Description Harvey P. White, a limited partner in an investment fund, brought an action against the fund, and various entities associated with the fund, after the fund sustained substantial losses. In his initial complaint, White alleged contract and tort claims, asserting that defendants made numerous misrepresentations to induce White's participation in the fund, and then defendants substantially mismanaged the fund.
In a second amended complaint, White added allegations claiming damages after defendants entered into a settlement agreement with other fund investors in a Texas lawsuit. White alleged defendants breached their contractual and tort duties by refusing to disclose the terms of the settlement agreement, and by purchasing the Texas investors' holdings in the fund and refusing to offer him a similar opportunity. Based solely on these new allegations, defendants moved to strike the complaint, arguing the allegations challenge the prior settlement agreement and therefore arise from protected petitioning activity governed by the anti-SLAPP statute. (Code Civ. Proc., 425.16, subd. (e)(2).) The court denied the motion on the ground that the anti-SLAPP statute was inapplicable.
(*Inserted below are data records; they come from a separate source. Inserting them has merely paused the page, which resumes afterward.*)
Lemma act_Some_eq_pt (N : tmodule) z (m : N) : act (Some z) m = pt -> m = pt.
Proof.
  intro H. rewrite <- (act1 N m).
  replace aone with (amul (Some (- z)%Z) (Some z)) by (unfold aone; simpl; f_equal; lia).
  now rewrite <- actM, H, act_pt.
Qed.

Lemma act_Some_add (N : tmodule) x y (m : N) :
  act (Some (x + y)%Z) m = act (Some x) (act (Some y) m).
Proof. now rewrite actM. Qed.

Lemma apow_Some w n : apow (Some w) n = Some (Z.of_nat n * w)%Z.
Proof.
  induction n as [|n IH]; [reflexivity|].
  cbn [apow]. rewrite IH. cbn [amul]. f_equal. lia.
Qed.

Lemma apow_add f n m : apow f (n + m) = amul (apow f n) (apow f m).
Proof.
  induction n as [|n IH]; simpl.
  - now destruct (apow f m).
  - rewrite IH. apply amulA.
Qed.

Lemma tilde_refl (N : tmodule) f (x : N * nat) : seq (tilde N) f x x.
Proof. now exists 0. Qed.

Lemma tilde_sym (N : tmodule) f (x y : N * nat) : seq (tilde N) f x y -> seq (tilde N) f y x.
Proof. intros [c Hc]. now exists c. Qed.

Lemma tilde_None (N : tmodule) (x y : N * nat) : seq (tilde N) None x y.
Proof. exists 1. simpl. now rewrite !act0. Qed.

Lemma tilde_pt (N : tmodule) f (x : N * nat) : fst x = pt -> seq (tilde N) f x (pt, 0).
Proof. destruct x as [m a]; simpl; intros ->. exists 0. simpl. now rewrite !act_pt. Qed.
Lemma adjmx_mul_diag_real r :
  adjmx (diag_real r) *m diag_real r = diag_real (fun i => r i ^+ 2).
Proof.
rewrite adjmx_diag_real mulmx_diag; congr diag_mx; apply/rowP => j.
by rewrite !mxE -rmorphM expr2.
Qed.

Lemma mxtrace_diag_real r : \tr (diag_real r) = (\sum_i r i)%:C.
Proof. by rewrite mxtrace_diag rmorph_sum; apply: eq_bigr => i _; rewrite mxE. Qed.

Definition extremal_shape (i : 'I_d) : R :=
  if (i < k)%N then 1 else if i == k :> nat then t else 0.

Definition extremal_profile (i : 'I_d) : R :=
  extremal_shape i / Num.sqrt (k%:R + t ^+ 2).

Hypotheses (kd : (1 <= k <= d)%N) (t01 : 0 <= t <= 1) (kd_t : 0 < t -> (k < d)%N).

Lemma sum_extremal_shape (f : R -> R) : f 0 = 0 ->
  \sum_i f (extremal_shape i) = k%:R * f 1 + f t.
Proof.
move=> f0; rewrite (bigID (fun i : 'I_d => (i < k)%N)) /=; congr (_ + _).
  have /andP[_ k_le_d] := kd.
  under eq_bigr => i ki do rewrite /extremal_shape ki.
  by rewrite -(big_ord_widen d (fun=> f 1) k_le_d) sumr_const card_ord mulr_natl.
have [t0|t_neq0] := eqVneq t 0.
  rewrite t0 f0 big1 // => i ki; rewrite /extremal_shape (negbTE ki).
  by case: ifP; rewrite ?t0.
have kd' : (k < d)%N by apply: kd_t; rewrite lt_def t_neq0; case/andP: t01.
rewrite (bigD1 (Ordinal kd')) /= ?ltnn // big1 ?addr0 => [|i /andP[ki i_neq]].
  by rewrite /extremal_shape ltnn eqxx.
rewrite /extremal_shape (negbTE ki) ifF //.
by apply: contraNF i_neq => /eqP ik; apply/eqP/val_inj.
Qed.
Lemma frob_form_neq0 (a b : L) :
  (a != 0) || (b != 0) -> a * σ a + a * σ b + b * σ b != 0.
Proof.
have [-> /= b_neq0 | a_neq0 _] := eqVneq a 0.
  by rewrite !mul0r !add0r mulf_neq0 ?fmorph_eq0.
have -> : b = (b / a) * a by rewrite divfK.
set t := b / a; have -> : a * σ a + a * σ (t * a) + t * a * σ (t * a) =
    a * σ a * (1 + σ t * (t + 1)) by rewrite rmorphM; ring.
rewrite !mulf_neq0 ?fmorph_eq0 // addr_eq0 (oppr_pchar2 pcharL2) eq_sym.
exact: frob_mobius_neq1.
Qed.

(* With σ^2 Y = σX + aX + bY and σ^2 X = σX + σY + fX + eY, these are the
   coordinates of σ^4 X = X and σ^4 Y = Y in the basis X, Y, σX, σY. *)
Lemma frob_system_absurd (a b e f : L) :
  f * σ (σ f) + a * (σ (σ e) + 1) = 1 -> e * σ (σ f) + b * (σ (σ e) + 1) = 0 ->
  σ f + σ a + σ (σ f) + σ (σ e) + 1 = 0 -> σ e + σ b + σ (σ f) = 0 ->
  σ f + σ (σ a) + σ (σ b) = 0 -> σ e + σ (σ a) + 1 = 0 -> False.
Proof.
move=> E1 E2 E3 E4 E5 E6.
have σσ_inj := inj_comp (fmorph_inj σ) (fmorph_inj σ).
have hb : b = e + σ f.
  apply: (fmorph_inj σ); rewrite !rmorphD; apply: add0_eq.
  by rewrite -[RHS]E4; ring: two_eq0.
have ha2 : σ (σ a) = σ e + 1 by apply: add0_eq; rewrite -[RHS]E6; ring.
have ha1 : σ a = σ f + σ (σ f) + σ (σ e) + 1.
  by apply: add0_eq; rewrite -[RHS]E3; ring.
have he2 : σ (σ e) = σ (σ (σ f)) + f + e.
  have := congr1 (σ \o σ) ha1; rewrite /= !rmorphD /= !rmorph1 !frob4 => E.
  by have := congr1 σ ha2; rewrite rmorphD /= rmorph1 E => /addIr.
have hc : σ f + σ e + f + e + 1 = 0.
  by rewrite -[RHS]E5 hb ha2 !rmorphD /= he2; ring: two_eq0.
have hf : σ f = f.
  have := congr1 σ hc; rewrite !rmorphD /= !rmorph1 rmorph0 he2 => E.
  apply: σσ_inj; apply: add0_eq => /=.
  transitivity ((σ f + σ e + f + e + 1) +
    (σ (σ f) + (σ (σ (σ f)) + f + e) + σ f + σ e + 1)); first by ring: two_eq0.
  by rewrite hc E addr0.
have he : σ e = e + 1 by rewrite -[RHS]addr0 -hc hf; ring: two_eq0.
have hσσe : σ (σ e) = e by rewrite he rmorphD /= rmorph1 he; ring: two_eq0.
have hσσf : σ (σ f) = f by rewrite !hf.
have ha : a = e.
  by apply: (fmorph_inj σ); rewrite /= ha1 hσσf hσσe hf he; ring: two_eq0.
have hfe : f = e ^+ 2 + e.
  by apply: add0_eq; rewrite -[RHS]E2 hσσf hσσe hb hf; ring: two_eq0.
move/eqP: (no_cube_root_unity hf); apply.
transitivity (f * σ (σ f) + a * (σ (σ e) + 1) + 1).
  by rewrite hσσf hσσe ha; ring: hfe.
by rewrite E1 (addrr_pchar2 pcharL2).
Qed.

Lemma graph_frob_basis (X Y : 'I_4 -> L) (a b f e : L) : moore_full_rank X Y ->
    (forall j, σ (σ (Y j)) = σ (X j) + a * X j + b * Y j) ->
    (forall j, σ (σ (X j)) = σ (X j) + σ (Y j) + f * X j + e * Y j) ->
  forall l0 l1 l2 l3,
    (forall j, l0 * X j + l1 * Y j + l2 * σ (X j) + l3 * σ (Y j) = 0) ->
  [/\ l0 = 0, l1 = 0, l2 = 0 & l3 = 0].
Proof.
move=> moore RY RX; apply: free4_of_annihilator => c SX SY SσX SσY.
apply: moore => i.
suff [] : [/\ \sum_j c j * frob i (X j) = 0, \sum_j c j * frob i (Y j) = 0,
   \sum_j c j * frob i.+1 (X j) = 0 & \sum_j c j * frob i.+1 (Y j) = 0] by [].
elim: i => [|i [IX IY IσX IσY]]; first by split.
split=> //.
  apply: (sum_mul_lincomb_eq0 (k1 := 1) (k2 := 1) (k3 := frob i f) (k4 := frob i e)
    _ IσX IσY IX IY) => j.
  by rewrite (frobSr i.+1) (frobSr i) RX !rmorphD !rmorphM /= -!frobSr; ring.
apply: (sum_mul_lincomb_eq0 (k1 := 1) (k2 := frob i a) (k3 := frob i b) (k4 := 0)
  _ IσX IX IY IY) => j.
by rewrite (frobSr i.+1) (frobSr i) RY !rmorphD !rmorphM /= -!frobSr; ring.
Qed.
The court thus did not reach the issue whether White proved a probability of prevailing on the merits. Defendants appeal. Court affirm. The allegations regarding the Texas settlement do not arise from protected petitioning activity because the gravamen of these newly asserted claims is based on defendants' conduct in purchasing the Texas investors' limited partnership interests, and not on written or oral statements made by the defendants in negotiating or executing the settlement agreement.